For around eight decades, Palestine has been the world’s question that won’t be answered; a place where justice claims have been examined and found wanting. The UN Charter, which was born after the devastation of war, committed to peace, equality and protection for the oppressed.
But in Palestine, those promises have been written and erased, spoken and undone, over and over again by Israel. The explanation is not hard to find: when Israel is held at bay, Washington’s veto bears all but formal testimony that International Law amounts to a charade—it plays well, speaks loudly, and signifies nothing.
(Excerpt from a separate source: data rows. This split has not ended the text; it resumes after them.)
(* Let $\Gamma$ and the data $s_0,\eta_0,\Xi$ be as in the context. There is a constant $c>0$ depending only on this data such that for every cusp $\gamma\xi\infty\in\mathbb R^{n-1}$ ($\gamma\in\Gamma$, $\xi\in\Xi$, $\gamma\xi\notin P$), $h(\gamma\xi\infty)\ge c$.
   Context: $n\ge2$, $G=\mathrm{SO}(n,1)$, $K\cong\mathrm{SO}(n)$ maximal compact. $A=\{a(t)\}$ a one-parameter $\mathbb R$-split torus with $\mathfrak g=\mathfrak g_{-1}\oplus\mathfrak z(A)\oplus\mathfrak g_{+1}$, $\mathrm{Ad}(a(t))=e^{\pm t}$ on $\mathfrak g_{\pm1}$; $M=Z_G(A)\cap K$, $N=\exp\mathfrak g_{+1}$, $\mathfrak g_{+1}\cong\mathbb R^{n-1}$, $u(\mathbf x)=\exp\mathbf x$; $\sigma\in K$ with $\sigma^2=e$, $\sigma a(t)\sigma^{-1}=a(-t)$; $P=MAN$. Each $g\in G\setminus P$ is $g=u(\mathbf x)\sigma ma(r)u(\mathbf y)$ with $\mathbf x,r$ unique; $\partial\mathbb H^n\cong\mathbb R^{n-1}\cup\{\infty\}$ via $u(\mathbf x)\sigma P\mapsto\mathbf x$, $P\mapsto\infty$. $\Omega(\eta,s)=\eta\{a(t):t\ge s\}K$. $\Gamma$ discrete, finite covolume, $\Gamma\backslash\mathbb H^n$ non-compact, with fixed $s_0>0$, compact $\eta_0\subset N$, finite $\Xi\ni e$ satisfying: (i) $G=\Gamma\Xi\Omega(\eta_0,s_0)$; (ii) $\Gamma\cap\xi N\xi^{-1}$ cocompact in $\xi N\xi^{-1}$; (iii) for compact $\eta$, $\{\gamma:\gamma\Xi\Omega(\eta,s_0)\cap\Omega(\eta,s_0)\ne\emptyset\}$ finite; (iv) for compact $\eta\supseteq\eta_0$ some $s_1>s_0$ with $\gamma\xi_1\Omega(\eta,s_0)\cap\xi_2\Omega(\eta,s_1)\ne\emptyset\Rightarrow\xi_1=\xi_2,\gamma\in\xi_1NM\xi_1^{-1}$. Height: for $\gamma\xi=u(\mathbf x_1)\sigma ma(r)u(\mathbf y)$, $\gamma\xi\infty=\mathbf x_1$ and $h(\gamma\xi\infty)=e^r$. *)

From HB Require Import structures.
From mathcomp Require Import all_boot all_order all_algebra.
From mathcomp Require Import all_classical all_reals all_analysis.
Import numFieldNormedType.Exports.

Set Implicit Arguments. Unset Strict Implicit. Unset Printing Implicit Defensive.
Import Order.TTheory GRing.Theory Num.Theory.
Local Open Scope ring_scope.
Local Open Scope classical_set_scope.

(* Model of G = SO_0(n,1) acting on R^{n+1} with coordinates indexed by 'I_(n.+1):
   e_0, ..., e_{n-2} span the boundary chart R^{n-1};
   e_z (index n-1) and e_w (index n, the time coordinate). *)

Section Lorentz.
Variables (R : realType) (n : nat).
Since 1972, the United States has used its veto to shield Israel from accountability more than 50 times, roughly half of all vetoes it has ever cast in the Security Council.
The first came in September 1972, when it blocked a resolution condemning Israel’s bombardment of Lebanon. That set the tone for decades. Washington vetoed measures censuring settlement expansion, rejecting Israel’s annexation of East Jerusalem and the Golan Heights, condemning its 1982 invasion of Lebanon, and even a 2011 draft declaring settlements “illegal,” despite admitting it agreed with the content.
In 2017, America stood isolated 14 to 1, vetoing a resolution rejecting Trump’s recognition of Jerusalem as Israel’s capital. In 2023 and 2024, it blocked repeated calls for a Gaza ceasefire, even as thousands of civilians were killed. A single raised hand has erased the will of the world, again and again.
This is not balance. It is complicity.
The General Assembly, not subject to the veto, has condemned Israel repeatedly. Between 2015 and 2023, it approved, in all, 154 resolutions condemning Israel compared to a mere 71 against all other member states combined. Another 17 resolutions were adopted in 2024, including a historic one calling for Israel to leave the territories it occupied within a year.
The deeper reality is that America is not powerless to restrain Israel; it is simply unwilling. Israel is seen as a strategic ally, a “democratic outpost” in the Middle East, and a partner in military technology and intelligence. In Washington, domestic politics make any move to condition aid or arms politically costly. Successive administrations frame their vetoes as blocking “unbalanced” texts. In truth, they block justice.
This shield has given Israel the confidence to project its power well beyond its borders. Israel has gone to war with Egypt and Jordan since 1948, invaded Lebanon multiple times, bombed Syria, blew up Iraq’s Osirak nuclear reactor in 1981, killed PLO leaders in Tunisia in 1985, and conducted the astonishing Entebbe raid in Uganda in 1976.
In more recent years, it has targeted sites in Sudan and Yemen, while a missile attack on Doha was the first Israeli strike in the [Persian] Gulf. Throughout its short history, Israel has attacked or invaded 10 countries, an amazing feat for a state of its stature, but feasible only due to the fact that it is able to count on Washington shielding it from any consequences.
For the Muslim world, this issue is not just geopolitical but moral. The Qur’an teaches the sanctity of human life and the duty to stand with the oppressed. Yet the international system allows one veto to outweigh the blood of thousands. Palestinians see not only an occupier on their land, but a superpower ensuring the occupier’s impunity.
There are other options, but all of them require courage. The General Assembly can use the ‘Uniting for Peace’ procedure if the Council is blocked. And states may adopt arms embargoes or suspend export licences that sustain the occupation. Courts have other options for holding someone accountable, such as the International Criminal Court or universal jurisdiction.
Countries could recognise Palestine, sanction settlement businesses, or make trade conditional. Even humanitarian firewalls ensured aid corridors, protection for medics and journalists would be a step in the right direction.
But none of this will come from waiting on the Security Council. Liberation has never been gifted by institutions; it has always been demanded by people and nations willing to act beyond great-power vetoes.
History will not remember the technicalities of UN procedure. It will remember the children buried under rubble in Gaza, the erased villages of the West Bank, and the sprawling refugee camps of Lebanon and Jordan. America’s vetoes are not mere votes; they are shields for injustice. The General Assembly’s condemnations are not just pieces of paper; they are testimonies of a world betrayed.
If the international system cannot protect Palestine, the most visible symbol of dispossession in our age, then it cannot claim to protect anyone. For Iran, for the Arab world, and for Muslims everywhere, this is not only a diplomatic failure. It is the measure of whether dignity, justice, and international law retain any meaning at all in the twenty-first century.